To do this, the team developed a front-end innovation assessment tool that is based on 3 guiding principles:

  1. Start from Ashland’s core chemistry, and identify new markets that could readily leverage its core products by creating fully-differentiated new solutions.
  2. After the team determines that its core chemistries are adaptable into the new market, the sales team begins to form strategic partnerships with major customers in the new market.  This team is joined by marketing and R&D to uncover more unmet needs and begin to work with external resources, such as subject-matter experts, to define a second generation of new product ideas.  Because of this input, the team now has clarity around which problems need solving and why Ashland’s chemistry and scientific know-how is the best partner for solving customer needs. This process builds a full pipeline of new product solutions and positions the company as a strategic innovation partner to the customer.
  3. In the third step, the Ashland team builds a preliminary business case to show the long-term financial opportunity and required investment to build out the full platform of ideas, first to third generations.
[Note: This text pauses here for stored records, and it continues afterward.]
Lemma weight_subst (t : term) : forall j u,
  weight (subst j u t) = weight t + mult j t * weight u.
Proof.
  induction t; intros j u; cbn -[Nat.eqb Nat.ltb Nat.max].
  - index_cases.
  - rewrite IHt, weight_lift; auto.
  - rewrite IHt1, IHt2. ring.
  - rewrite IHt1, IHt2, mult_subst, mult_lift_fresh, weight_lift.
    change (0 <? S j) with true; cbn iota.
    rewrite !Nat.mul_0_r, !Nat.add_0_r. ring.
Qed.

Lemma split_measures d t t' : split d t t' ->
  (forall k, k < d -> mult k t' = mult k t) /\
  (forall k, d < k -> mult (S k) t' = mult k t) /\
  mult d t' + mult (S d) t' = mult d t /\
  weight t' = weight t.
Proof.
  induction 1 as [| | | |d t t' _ IH|d t t' u u' _ IHt _ IHu|d t t' u u' _ IHt _ IHu];
    cbn -[Nat.eqb Nat.ltb Nat.max]; try (repeat split; intros; index_cases; fail).
  - destruct IH as (Hlt & Hgt & Hd & Hw).
    repeat split; intros; auto; [apply Hlt | apply Hgt]; lia.
  - destruct IHt as (Hlt & Hgt & Hd & Hw), IHu as (Hlt' & Hgt' & Hd' & Hw').
    repeat split; intros; [rewrite Hlt, Hlt' | rewrite Hgt, Hgt' | lia | lia]; auto.
  - destruct IHt as (Hlt & Hgt & Hd & Hw), IHu as (Hlt' & Hgt' & Hd' & Hw').
    assert (H0 : mult 0 t' = mult 0 t) by (apply Hlt; lia).
    repeat split; intros.
    + rewrite Hlt, Hlt', H0 by lia; auto.
    + rewrite Hgt, Hgt', H0 by lia; auto.
    + rewrite H0, <- Hd', <- Hd. ring.
    + rewrite Hw, Hw', H0; auto.
Qed.

Lemma occ_le_mult (t : term) : forall k, occ k t <= mult k t.
Proof.
  induction t; intros k; cbn -[Nat.eqb Nat.ltb Nat.max].
  - index_cases.
  - apply IHt.
  - specialize (IHt1 k); specialize (IHt2 k); lia.
  - specialize (IHt1 (S k)); specialize (IHt2 k).
    pose proof (le_mul_max1 (mult 0 t1) (mult k t2)); lia.
Qed.

Lemma mult_occ0 (t : term) : forall k, occ k t = 0 -> mult k t = 0.
Proof.
  induction t; intros k H; cbn -[Nat.eqb Nat.ltb Nat.max] in *.
  - index_cases.
  - auto.
  - rewrite IHt1, IHt2; lia.
  - rewrite IHt1, IHt2; lia.
Qed.

Definition context_closed (E : relation term) : Prop :=
  (forall t u, E t u -> E (Lam t) (Lam u)) /\
  (forall t u v, E t u -> E (App t v) (App u v)) /\
  (forall t u v, E t u -> E (App v t) (App v u)) /\
  (forall t u v, E t u -> E (Sub t v) (Sub u v)) /\
  (forall t u v, E t u -> E (Sub v t) (Sub v u)).

Lemma ctx_least (R E : relation term) :
  inclusion term R E -> context_closed E -> inclusion term (ctx R) E.
Proof.
  intros HRE (Hlam & Happl & Happr & Hsubl & Hsubr) t u H.
  induction H; auto.
Qed.

Lemma clos_rst_least (R E : relation term) :
  inclusion term R E -> equivalence term E ->
  inclusion term (clos_refl_sym_trans term R) E.
Proof.
  intros HRE [Hrefl Htrans Hsym] t u H.
  induction H; eauto.
Qed.

Definition same_measures (t u : term) : Prop :=
  (forall k, mult k t = mult k u) /\ weight t = weight u.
These guiding principles form the foundation of Ashland’s Breakthrough Innovation process.  The big ideas enter their stage-gate process after the initial business case has been approved by management, as explained by Nancy Shea, VP Global Innovation and Marketing:

“We use a disciplined front-end innovation process to identify the right opportunity and define how our current products link to the new market opportunity.  To build the second and third generations of new products for this new market place, we work with expert networks to help us better understand the market and develop truly differentiated solutions.  It is important to work closely  with customers early in the innovation process so they can evaluate our capabilities and decide if we should be their partner.  Finally, we build the preliminary business case that outlines the size of the opportunity by each generation, the estimated return on investment and the level of resources required to produce the new products over the long term.”

Successful Breakthrough Innovation front-end processes start with building an understanding of the core products or services and how to leverage into new growth opportunities.  The inclusion of external experts help further vet the problem and can prevent the team from moving in the wrong direction.  Finally, building a multi-generational innovation platform gives your customers a longer-term vision of your innovation plans.